Yesterday we made the trip up to Atlanta to see a pediatric surgeon about doing Big B and Sis's thyroidectomies. The trip went quickly, the kids all behaved on the way up, and we even arrived over an hour early. The only bad parts were that we had to wait over an hour in the waiting room and then over half an hour in the room itself. The doctor DID apologize though and said they were running behind.
The doctor, Dr. KG is a VERY nice man. It was so nice to FINALLY find a nice, intelligent, and caring doctor. He knew all about MEN2a and took the time to explain it in detail to the kids in terms they may understand better. One thing I really liked is his way of explaining MEN syndromes to them. He said it is "Multiple (meaning many or several) Endocrine (meaning your endocrine system *named some organs*) Neoplasia (which is cancer) so that means that it is a disorder that causes several cancers in glands in your endocrine system". He asked both kids if they had questions and then answered them and spent well over half an hour with us. He assumed from the beginning that I knew everything he talked about and would look at me every so often to make sure and once I nodded my head he would continue talking. He explained the surgery to them, what happens after, and why we are doing this. Just all around tried to make them comfortable and I greatly appreciated that.
I asked about having the surgeries on the same day and he said he would rather have them on two seperate days because then he is fresh for each surgery. I also asked about doing them over Spring Break so they wouldn't miss any school and when we went to schedule the surgeries we found that there is only one day that week he will be around for surgeries so he decided he will do both the same day so they don't have to wait. He was all about doing what was best for US. Kudos to Dr. L for the referral!

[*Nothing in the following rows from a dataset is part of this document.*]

(* Let \((Q, \preccurlyeq_Q)\) and \((L, \preccurlyeq_L)\) be posets with smallest elements \(q_0 \in Q\) and \(l_0 \in L\). Then the following conditions are equivalent for every mapping \(f \colon Q \to L\). (i) For every nonempty set \(X\), \(f \circ d\) is an \(L\)-ultrametric whenever \(d\colon X^2\to Q\) is a \(Q\)-ultrametric. (ii) \(f\) is isotone and, for every \(q \in Q\), \(f(q) = l_0\) holds if and only if \(q = q_0\).
   Context: For a poset \((P,\preccurlyeq_P)\) with smallest element \(p_0\) and a nonempty set \(X\), \(d\colon X^2\to P\) is a \(P\)-pseudoultrametric if \(d\) is symmetric, \(d(x,x)=p_0\) for all \(x\), and for every triple \(\langle x_1,x_2,x_3\rangle\) in \(X\) there is a permutation \((i_1,i_2,i_3)\) of \((1,2,3)\) with \(d(x_{i_1},x_{i_3})\preccurlyeq_P d(x_{i_1},x_{i_2})\) and \(d(x_{i_1},x_{i_2})=d(x_{i_2},x_{i_3})\); it is a \(P\)-ultrametric if moreover \(d(x,y)=p_0\) iff \(x=y\). A map \(f\colon Q\to L\) is isotone if \(q_1\preccurlyeq_Q q_2\) implies \(f(q_1)\preccurlyeq_L f(q_2)\). *)

(* posets with a smallest element are [bPOrderType]s,
   the smallest element is [\bot]. *)
From HB Require Import structures.
From mathcomp Require Import all_boot all_order.
Set Implicit Arguments. Unset Strict Implicit. Unset Printing Implicit Defensive.
Import Order.Theory.
Local Open Scope order_scope.

Definition ultra_triple {disp : Order.disp_t} {P : bPOrderType disp} {X : Type}
  (d : X -> X -> P) (a b c : X) : Prop :=
  d a c <= d a b /\ d a b = d b c.

Definition pseudoultrametric {disp : Order.disp_t} {P : bPOrderType disp} {X : Type}
  (d : X -> X -> P) : Prop :=
  (forall x y, d x y = d y x) /\
  (forall x, d x x = \bot) /\
  (forall x1 x2 x3 : X,
     ultra_triple d x1 x2 x3 \/ ultra_triple d x1 x3 x2 \/
     ultra_triple d x2 x1 x3 \/ ultra_triple d x2 x3 x1 \/
     ultra_triple d x3 x1 x2 \/ ultra_triple d x3 x2 x1).

Definition ultrametric {disp : Order.disp_t} {P : bPOrderType disp} {X : Type}
  (d : X -> X -> P) : Prop :=
  pseudoultrametric d /\ (forall x y, d x y = \bot <-> x = y).

Definition isotone {dQ dL : Order.disp_t} {Q : porderType dQ} {L : porderType dL}
  (f : Q -> L) : Prop :=
  forall q1 q2 : Q, q1 <= q2 -> f q1 <= f q2.

(** For (ii) => (i), applying an isotone map to the three sides of a triangle
    preserves the relations d(a,c) <= d(a,b) = d(b,c) that define an
    ultrametric, and the condition on [f^-1(l0)] preserves the zero set.
    For (i) => (ii), test [f] on the three-point ultrametric space with sides
    [q1 <= q2 = q2]: in any ultrametric two equal sides dominate the third, so
    [f q1 <= f q2]; the same space with [q1 = q2] shows that [f] does not send
    a nonzero distance to [l0], and the one-point space gives [f q0 = l0]. *)
From HB Require Import structures.
From mathcomp Require Import all_boot all_order.
Set Implicit Arguments. Unset Strict Implicit. Unset Printing Implicit Defensive.
Import Order.Theory.
Local Open Scope order_scope.

Section Composition.
Variables (dP dL : Order.disp_t) (P : bPOrderType dP) (L : bPOrderType dL).
Variables (X : Type) (f : P -> L).
Hypothesis f_isotone : isotone f.

Lemma ultra_triple_comp (d : X -> X -> P) a b c :
  ultra_triple d a b c -> ultra_triple (fun x y => f (d x y)) a b c.
Proof. by case=> le_ac_ab eq_ab_bc; split; [exact: f_isotone | rewrite eq_ab_bc]. Qed.

Lemma pseudoultrametric_comp (d : X -> X -> P) :
  f \bot = \bot -> pseudoultrametric d ->
  pseudoultrametric (fun x y => f (d x y)).
Proof.
move=> f0 [d_sym [d_refl d_tri]]; split; [|split].
- by move=> x y; rewrite d_sym.
- by move=> x; rewrite d_refl.
- move=> x1 x2 x3.
  by case: (d_tri x1 x2 x3) => [|[|[|[|[|]]]]] /ultra_triple_comp; tauto.
Qed.

Lemma ultrametric_comp (d : X -> X -> P) :
  (forall p, f p = \bot <-> p = \bot) -> ultrametric d ->
  ultrametric (fun x y => f (d x y)).
Proof.
move=> f_eq0 [d_pseudo d_eq0]; split.
  by apply: pseudoultrametric_comp => //; apply/f_eq0.
by move=> x y; split=> [/f_eq0/d_eq0 | /d_eq0/f_eq0].
Qed.

End Composition.

Lemma pseudoultrametric_isosceles_le (disp : Order.disp_t) (P : bPOrderType disp)
    (X : Type) (d : X -> X -> P) a b c :
  pseudoultrametric d -> d a c = d b c -> d a b <= d a c.
Proof.
case=> d_sym [_ d_tri] eq_ac_bc.
case: (d_tri a b c) => [|[|[|[|[|]]]]] [];
  rewrite ?(d_sym b a) ?(d_sym c a) ?(d_sym c b) -?eq_ac_bc => le eq //;
  by rewrite ?eq.
Qed.

Lemma ultrametric_unit (disp : Order.disp_t) (P : bPOrderType disp) :
  ultrametric (fun _ _ : unit => (\bot : P)).
Proof.
split; last by case; case.
by split=> [//|]; split=> [//|] x1 x2 x3; left; split.
Qed.

Inductive triangle := Ta | Tb | Tc.

Definition triangle_dist (disp : Order.disp_t) (P : bPOrderType disp) (p1 p2 : P)
    (x y : triangle) : P :=
  match x, y with
  | Ta, Ta | Tb, Tb | Tc, Tc => \bot
  | Ta, Tb | Tb, Ta => p1
  | _, _ => p2
  end.

Lemma triangle_ultrametric (disp : Order.disp_t) (P : bPOrderType disp) (p1 p2 : P) :
  p1 <= p2 -> p1 != \bot -> ultrametric (triangle_dist p1 p2).
Proof.
move=> le12 p1_neq0.
have p2_neq0 : p2 != \bot by rewrite -lt0x (lt_le_trans _ le12) ?lt0x.
split; last first.
  by case; case; split=> //= /eqP; rewrite ?(negPf p1_neq0) ?(negPf p2_neq0).
split; first by case; case.
split; first by case.
by case; case; case; rewrite /ultra_triple /= ?lexx ?le0x ?le12; intuition.
Qed.

Definition preserves_ultrametric (dQ dL : Order.disp_t) (Q : bPOrderType dQ)
    (L : bPOrderType dL) (f : Q -> L) : Prop :=
  forall X : Type, inhabited X ->
    forall d : X -> X -> Q, ultrametric d -> ultrametric (fun x y => f (d x y)).

Section PreservesUltrametric.
Variables (dQ dL : Order.disp_t) (Q : bPOrderType dQ) (L : bPOrderType dL).
Variable f : Q -> L.
Hypothesis f_pres : preserves_ultrametric f.

Lemma preserves_ultrametric_bot : f \bot = \bot.
Proof.
by case: (f_pres (inhabits tt) (ultrametric_unit Q)) => [[_ [f_refl _]] _]; exact: f_refl.
Qed.

Lemma preserves_ultrametric_eq_bot q : f q = \bot <-> q = \bot.
Proof.
split=> [fq0 | ->]; last exact: preserves_ultrametric_bot.
have [// | q_neq0] := eqVneq q \bot.
case: (f_pres (inhabits Ta) (triangle_ultrametric (lexx q) q_neq0)) => _ fd_eq0.
by have := proj1 (fd_eq0 Ta Tb) fq0.
Qed.

Lemma preserves_ultrametric_isotone : isotone f.
Proof.
move=> q1 q2 le12.
have [-> | q1_neq0] := eqVneq q1 \bot; first by rewrite preserves_ultrametric_bot le0x.
case: (f_pres (inhabits Ta) (triangle_ultrametric le12 q1_neq0)) => fd_pseudo _.
exact: (@pseudoultrametric_isosceles_le _ _ _ _ Ta Tb Tc fd_pseudo).
Qed.

End PreservesUltrametric.

Theorem corollary3p25 (dQ dL : Order.disp_t) (Q : bPOrderType dQ) (L : bPOrderType dL)
  (f : Q -> L) :
  (forall (X : Type), inhabited X ->
     forall d : X -> X -> Q, ultrametric d -> ultrametric (fun x y => f (d x y)))
  <->
  (isotone f /\ (forall q : Q, f q = \bot <-> q = \bot)).
Proof.
split=> [f_pres | [f_isotone f_eq0] X _ d].
- split; first exact: preserves_ultrametric_isotone.
  exact: preserves_ultrametric_eq_bot.
- exact: ultrametric_comp.
Qed.
(* Let $m\ge 1$ and $\epsilon>0$. Suppose $p_1,\dots,p_m$ and $q_1,\dots,q_m$ are unknown probability distributions on $\{0,1\}$, accessible in the query model: for any index $i$ one may request independent samples from $p_i$ or from $q_i$. There is a randomized algorithm that outputs ''Yes'' with probability at least $2/3$ if $p_i=q_i$ for all $1\le i\le m$, outputs ''No'' with probability at least $2/3$ if $\frac{1}{m}\sum_{i=1}^m\|p_i-q_i\|_2^2>\epsilon^2$, and uses in total $O\!\left(\frac{(1+\log m)^4}{\epsilon^2}\right)$ samples.
   Context: $\|p-q\|_2$ denotes the Euclidean norm of the difference of the probability vectors $p=(p(0),p(1))$ and $q=(q(0),q(1))$. *)

From HB Require Import structures.
From mathcomp Require Import all_boot all_order all_algebra.
From mathcomp Require Import all_classical all_reals all_analysis.
Set Implicit Arguments. Unset Strict Implicit. Unset Printing Implicit Defensive.
Import Order.TTheory GRing.Theory Num.Theory.
Local Open Scope ring_scope.

(* A distribution on {0,1}, given as its probability vector (d false, d true)
   = (d(0), d(1)). *)
Definition is_dist (R : realType) (d : bool -> R) : Prop :=
  0 <= d false /\ 0 <= d true /\ d false + d true = 1.

Definition sqdist (R : realType) (d e : bool -> R) : R :=
  (d false - e false) ^+ 2 + (d true - e true) ^+ 2.

(* Randomized adaptive algorithms in the query model, as finite decision trees:
   - Ret b       : stop, output b (true = "Yes", false = "No");
   - Query i s k : draw one fresh independent sample from p_i (s = false)
                   or from q_i (s = true), observe the bit x, continue with k x;
   - Flip r a b  : internal randomness: with probability r continue with a,
                   otherwise with b. *)
Inductive alg (R : Type) (m : nat) : Type :=
| Ret of bool
| Query of 'I_m & bool & (bool -> alg R m)
| Flip of R & alg R m & alg R m.

Arguments Ret {R m}.
Arguments Query {R m}.
Arguments Flip {R m}.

As we were scheduling he asked me "How are YOU feeling?". These days I wonder if doctors ask me that because I look like hell or what. LOL. I told him I'm doing alright just trying to get the right steriod dosage down. He told me to take care of myself and that if I have any questions feel free to email him. Again, very nice caring man. Two thumbs up from me to Dr. G.

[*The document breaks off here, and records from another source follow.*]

(* Let $d\ge1$, $D=\{1,\dots,d\}$, let $\Pi,Q$ be $d\times d$ stochastic matrices indexed by $D$, and let $\mathcal{E}^{(O)}_H:\mathcal{M}_d\otimes\mathcal{M}_d\to\mathcal{M}_d$ be the linear extension of $\mathcal{E}^{(O)}_H(a\otimes b)=\mathcal{E}_H(\mathcal{E}_{H,O}(a\otimes\mathbf{1}_d)\otimes b)$. Then $\mathcal{E}^{(O)}_H$ maps $\mathcal{D}_e\otimes\mathcal{D}_e$ into $\mathcal{D}_e$, where $\mathcal{D}_e=\{\sum_{h\in D}x_he_{hh}:x_h\in\mathbb{C}\}$ is the diagonal subalgebra of $\mathcal{M}_d$.
   Context: $\mathcal{M}_d$: complex $d\times d$ matrices with identity $\mathbf{1}_d$ and matrix units $e_{ij}$; $\diamond$ is the Schur (entrywise) product; stochastic matrices have nonnegative entries and row sums $1$. $P_H(A)=\sum_{i,j,k,l\in D}\sqrt{\Pi_{ik}\Pi_{jl}}\,a_{kl}e_{ij}$, $P_{H,O}(B)=\sum_{i,j,k,l\in D}\sqrt{Q_{ik}Q_{jl}}\,b_{kl}e_{ij}$, $\mathcal{E}_H(a\otimes b)=a\diamond P_H(b)$, $\mathcal{E}_{H,O}(a\otimes b)=a\diamond P_{H,O}(b)$ (extended linearly). *)

(* The field of scalars C is an arbitrary numClosedFieldType
   (e.g. complex numbers over a real closed field); stochastic entries are
   nonnegative elements of C (hence real), square roots via sqrtC. *)
From HB Require Import structures.
From mathcomp Require Import all_boot all_order all_algebra.
Set Implicit Arguments. Unset Strict Implicit. Unset Printing Implicit Defensive.
Import Order.TTheory GRing.Theory Num.Theory.
Local Open Scope ring_scope.

Definition stochastic (C : numClosedFieldType) (d : nat) (P : 'M[C]_d) : Prop :=
  (forall i j, 0 <= P i j) /\ (forall i, \sum_j P i j = 1).

Definition schur (C : numClosedFieldType) (d : nat) (a b : 'M[C]_d) : 'M[C]_d :=
  \matrix_(i, j) (a i j * b i j).

Definition PH (C : numClosedFieldType) (d : nat) (Pi A : 'M[C]_d) : 'M[C]_d :=
  \matrix_(i, j) \sum_k \sum_l (sqrtC (Pi i k * Pi j l) * A k l).

Definition PHO (C : numClosedFieldType) (d : nat) (Q B : 'M[C]_d) : 'M[C]_d :=
  \matrix_(i, j) \sum_k \sum_l (sqrtC (Q i k * Q j l) * B k l).

Definition EH (C : numClosedFieldType) (d : nat) (Pi a b : 'M[C]_d) : 'M[C]_d :=
  schur a (PH Pi b).

Definition EHO (C : numClosedFieldType) (d : nat) (Q a b : 'M[C]_d) : 'M[C]_d :=
  schur a (PHO Q b).

Definition EHOt (C : numClosedFieldType) (d : nat) (Pi Q a b : 'M[C]_d) : 'M[C]_d :=
  EH Pi (EHO Q a 1%:M) b.

(* Linear extension to M_d (x) M_d: an element sum_p p.1 (x) p.2 is
   represented by a finite list of pairs. *)
Definition EHO_lin (C : numClosedFieldType) (d : nat) (Pi Q : 'M[C]_d)
  (t : seq ('M[C]_d * 'M[C]_d)) : 'M[C]_d :=
  \sum_(p <- t) EHOt Pi Q p.1 p.2.

Definition in_De (C : numClosedFieldType) (d : nat) (A : 'M[C]_d) : bool :=
  is_diag_mx A.

(* Each simple tensor is sent to a Schur product whose left factor is a
   itself, and a Schur product with a diagonal matrix is diagonal; summing
   preserves diagonality. *)
From HB Require Import structures.
From mathcomp Require Import all_boot all_order all_algebra.
Import Order.TTheory GRing.Theory Num.Theory.
Local Open Scope ring_scope.

Section DiagonalMatrices.

Variables (V : nmodType) (m n : nat).

Lemma is_diag_mxD (A B : 'M[V]_(m, n)) :
  is_diag_mx A -> is_diag_mx B -> is_diag_mx (A + B).
Proof.
move=> /is_diag_mxP A0 /is_diag_mxP B0; apply/is_diag_mxP => i j nij.
by rewrite mxE A0 // B0 // addr0.
Qed.

Lemma is_diag_mx_sum (I : eqType) (r : seq I) (P : pred I) (F : I -> 'M[V]_(m, n)) :
  (forall x, x \in r -> P x -> is_diag_mx (F x)) ->
  is_diag_mx (\sum_(x <- r | P x) F x).
Proof.
move=> Fdiag; rewrite big_seq_cond.
apply: (big_ind is_diag_mx) => [|A B|x /andP[]]; first exact: mx0_is_diag.
  exact: is_diag_mxD.
exact: Fdiag.
Qed.

End DiagonalMatrices.

Lemma is_diag_mx_schurl (C : numClosedFieldType) (d : nat) (a b : 'M[C]_d) :
  is_diag_mx a -> is_diag_mx (schur a b).
Proof.
by move=> /is_diag_mxP a0; apply/is_diag_mxP => i j nij; rewrite mxE a0 ?mul0r.
Qed.

Lemma is_diag_mx_EHOt (C : numClosedFieldType) (d : nat) (Pi Q a b : 'M[C]_d) :
  is_diag_mx a -> is_diag_mx (EHOt Pi Q a b).
Proof. by move=> adiag; do 2!apply: is_diag_mx_schurl. Qed.

Theorem mainTheorem8 (C : numClosedFieldType) (d : nat) (hd : (0 < d)%N)
  (Pi Q : 'M[C]_d) (hPi : stochastic Pi) (hQ : stochastic Q)
  (t : seq ('M[C]_d * 'M[C]_d))
  (ht : forall p, p \in t -> in_De p.1 /\ in_De p.2) :
  in_De (EHO_lin Pi Q t).
Proof.
apply: is_diag_mx_sum => p /ht[p1diag _] _.
exact: is_diag_mx_EHOt.
Qed.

So Big B and Sis are scheduled for surgery at Egleston Children's Hospital starting at 7:30am on March 30th. We decided Sise will go first because she is having some anxiety problems over this and I don't want her having to wait until Big B is done. So her surgery will start at 7:30 and last about 3-4 hours. When her's is done then Big B's will start. The kids will stay in the hospital overnight so their calcium levels can be checked (to make sure the parathyroid weren't damaged) and if all is well they will be released early the next day. Of course, I don't think I will be leaving the hospital at all the whole time and I'm going to be a wreck. I have to talk to my endo ahead of time about how much I should compensate on my meds to handle the stress from the day. I HATE that I can't even be stressed like a normal person. :( I don't want to have problems though and not be able to be there for my kids when they need me most.

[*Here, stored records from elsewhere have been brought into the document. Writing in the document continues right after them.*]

(* Let $\theta\in\mathrm{Irr}(N)$, let $N\le K\le\mathrm{Stab}_G(\theta)$, and let $\hat\theta$ be a strong extension of $\theta$ to $K$. Then for every $x\in K$ there exists $n\in N$ such that $\hat\theta(xn)\neq0$. Consequently, if $N\le L\le\mathrm{Stab}_G(\tilde\theta)$ normalises $K$, $g\in L$, $\psi_g\in\mathrm{Lin}(G)$ satisfies ${}^g\theta=\theta\,\psi_g|_N$, and $\mu:K\to\mathbb{C}^\times$ is a function constant on cosets of $N$ with ${}^g\hat\theta=\hat\theta\cdot\psi_g|_K\cdot\mu$, then $\mu$ is uniquely determined by $gN$, $\hat\theta$ and $\psi_g|_K$.
   Context: $G$ is a profinite group, $N$ an open normal subgroup; $\mathrm{Irr}$ and $\mathrm{Lin}$ denote continuous irreducible, resp. degree-one, complex characters. $\tilde\theta$ denotes the $G$-twist class $\{\theta\psi|_N:\psi\in\mathrm{Lin}(G)\}$ of $\theta\in\mathrm{Irr}(N)$, and $G$ acts on these classes via conjugation ${}^g\theta(n)=\theta(g^{-1}ng)$. A projective representation of $K$ is a map $\Pi:K\to\mathrm{GL}_m(\mathbb{C})$ with $\Pi(x)\Pi(y)=\alpha(x,y)\Pi(xy)$ for a 2-cocycle $\alpha:K\times K\to\mathbb{C}^\times$ (its factor set); its projective character is $x\mapsto\mathrm{Tr}\,\Pi(x)$. If $\Theta$ is a representation of $N$ affording $\theta$ and $K$ fixes $\theta$, a strong extension of $\Theta$ to $K$ is a projective representation $\Pi$ of $K$ with $\Pi(xn)=\Pi(x)\Theta(n)$ and $\Pi(nx)=\Theta(n)\Pi(x)$ for all $x\in K$, $n\in N$; a strong extension of $\theta$ to $K$ is the projective character of such a $\Pi$. For a function $f$ on $K$, ${}^gf(x)=f(g^{-1}xg)$; products of functions are pointwise. *)

From HB Require Import structures.
From mathcomp Require Import all_boot all_order all_algebra.
From mathcomp Require Import all_classical all_reals topology normedtype.
From mathcomp Require Import complex.
Set Implicit Arguments. Unset Strict Implicit. Unset Printing Implicit Defensive.
Import Order.TTheory GRing.Theory Num.Theory.
Import numFieldTopology.Exports numFieldNormedType.Exports.
Local Open Scope ring_scope.
Local Open Scope classical_set_scope.
Local Open Scope complex_scope.

(* The complex numbers: R[i] for a realType R, viewed through the regular-
   algebra alias ^o so that it carries its (modulus) metric topology. *)
Notation Cplx R := ((complex R)^o).

Record profiniteGroup := ProfiniteGroup {
  pg_carrier :> topologicalType;
  pg_mul : pg_carrier -> pg_carrier -> pg_carrier;
  pg_inv : pg_carrier -> pg_carrier;
  pg_one : pg_carrier;
  pg_mulA : forall x y z, pg_mul x (pg_mul y z) = pg_mul (pg_mul x y) z;
  pg_mul1 : forall x, pg_mul pg_one x = x;
  pg_mulV : forall x, pg_mul (pg_inv x) x = pg_one;
  pg_mul_cont : continuous (fun p : pg_carrier * pg_carrier => pg_mul p.1 p.2);
  pg_inv_cont : continuous pg_inv;
  pg_compact : compact [set: pg_carrier];
  pg_hausdorff : hausdorff_space pg_carrier;
  pg_tdisc : totally_disconnected [set: pg_carrier]
}.

Declare Scope pg_scope.
Section Defs.
Variable G : profiniteGroup.
Local Notation "x * y" := (pg_mul x y) : pg_scope.
Local Notation "x ^-1" := (pg_inv x) : pg_scope.
Delimit Scope pg_scope with pg.

Definition is_subgroup (H : set G) : Prop :=
  [/\ H (pg_one G),
      (forall x y, H x -> H y -> H (x * y)%pg) &
      (forall x, H x -> H (x^-1)%pg)].

Definition is_normal (N : set G) : Prop :=
  is_subgroup N /\ (forall g n, N n -> N ((g^-1) * n * g)%pg).

Definition is_open_normal (N : set G) : Prop := open N /\ is_normal N.

Definition conjf (T : Type) (g : G) (f : G -> T) : G -> T :=
  fun x => f ((g^-1) * x * g)%pg.

Variable R : realType.
Local Notation C := (Cplx R).

(* A continuous (finite-dimensional, complex) representation of the
   subgroup H, given as a map on G of which only the values on H matter. *)
Definition is_cont_rep (H : set G) (m : nat) (Theta : G -> 'M[C]_m) : Prop :=
  [/\ {within H, continuous Theta},
      Theta (pg_one G) = 1%:M &
      (forall x y, H x -> H y -> Theta (x * y)%pg = Theta x *m Theta y)].

Definition is_irr_rep (H : set G) (m : nat) (Theta : G -> 'M[C]_m) : Prop :=
  [/\ is_cont_rep H Theta, (0 < m)%N &
      forall U : 'M[C]_m, (forall h, H h -> (U *m Theta h <= U)%MS) ->
        U = 0 \/ (U == 1%:M)%MS].

Definition afforded (m : nat) (Theta : G -> 'M[C]_m) : G -> C :=
  fun x => \tr (Theta x).

Definition is_lin_char (psi : G -> C) : Prop :=
  [/\ continuous psi, psi (pg_one G) = 1 &
      forall x y, psi (x * y)%pg = psi x * psi y].

Definition is_proj_rep (K : set G) (m : nat) (Pi : G -> 'M[C]_m)
    (alpha : G -> G -> C) : Prop :=
  [/\ (forall x, K x -> Pi x \in unitmx),
      (forall x y, K x -> K y -> alpha x y != 0),
      (forall x y z, K x -> K y -> K z ->
          alpha x y * alpha (x * y)%pg z = alpha y z * alpha x (y * z)%pg) &
      (forall x y, K x -> K y -> Pi x *m Pi y = alpha x y *: Pi (x * y)%pg)].

Definition is_strong_ext (N K : set G) (m : nat) (Theta Pi : G -> 'M[C]_m) :=
  (exists alpha, is_proj_rep K Pi alpha) /\
  (forall x n, K x -> N n ->
     Pi (x * n)%pg = Pi x *m Theta n /\ Pi (n * x)%pg = Theta n *m Pi x).

Definition stab (N : set G) (theta : G -> C) : set G :=
  [set g | forall n, N n -> conjf g theta n = theta n].

Definition stab_twist (N : set G) (theta : G -> C) : set G :=
  [set g | exists psi, is_lin_char psi /\
     (forall n, N n -> conjf g theta n = theta n * psi n)].

End Defs.

From HB Require Import structures.
From mathcomp Require Import all_boot all_order all_algebra.
From mathcomp Require Import all_classical all_reals topology normedtype.
From mathcomp Require Import complex.
Import Order.TTheory GRing.Theory Num.Theory.
Import numFieldTopology.Exports numFieldNormedType.Exports.
Local Open Scope ring_scope.
Local Open Scope classical_set_scope.
Local Open Scope complex_scope.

They will take out the entire thyroid and also 5 or 6 lymph nodes as well. The lymph nodes are a "better safe than sorry" type deal. They will also be checking the parathyroid and if any of them (there are four) looks to be diseased then he said they will remove them and reimplant one in a muscle pocket in their neck (this part was new to me because I hadn't heard of that). We would rather take out the lymph nodes and find out the cancer hasn't spread there than leave them in and risk cancer spreading to their bodies later on. What we're hoping for is when they biopsy the thyroid (after taking it out) there won't be any cancer yet. That would be a VERY good thing for my children and mean one less cancer they have to worry about later in life. If the cancer HAS started but hasn't made it to the lymph nodes we remove then that is a good thing too because it means we caught it in time and my little darlings will be cancer SURVIVORS.
After the surgery they will be on Synthroid for the rest of their lives and we will of course have to adjust where needed to get them at the level they need. Hopefully that will go smoothly and we'll never have any problems with their meds.
So we have 28 days now until the surgery. That's 28 days for mama to cry in private, worry, soothe them, and try to prepare. I just hate all this so much. My babies shouldn't have to be getting cut open AT ALL. Of course, I'll keep all my fears to myself because that's my job and they deserve to have a mama who at least on the outside looks like she's perfectly okay with all this. The more solid I am the easier it will be on them.
On March 15th we will be meeting the new pediatrician/family practitioner and hopefully that will turn out well too. I'd like to get the kids set up all the way around with really good doctors. Next week I will be gone for my scan and liver biopsy and will have an update on that. Hopefully it will only take a week to get the results from that back so I can quit worrying. I'm scared to death of what that scan will find but I know it's out of my hands at this point. Even if the cancer is in several more places than we already know I can't change that so no sense worrying myself sick over it. I'll just take it as it comes just like I have been for 5 months.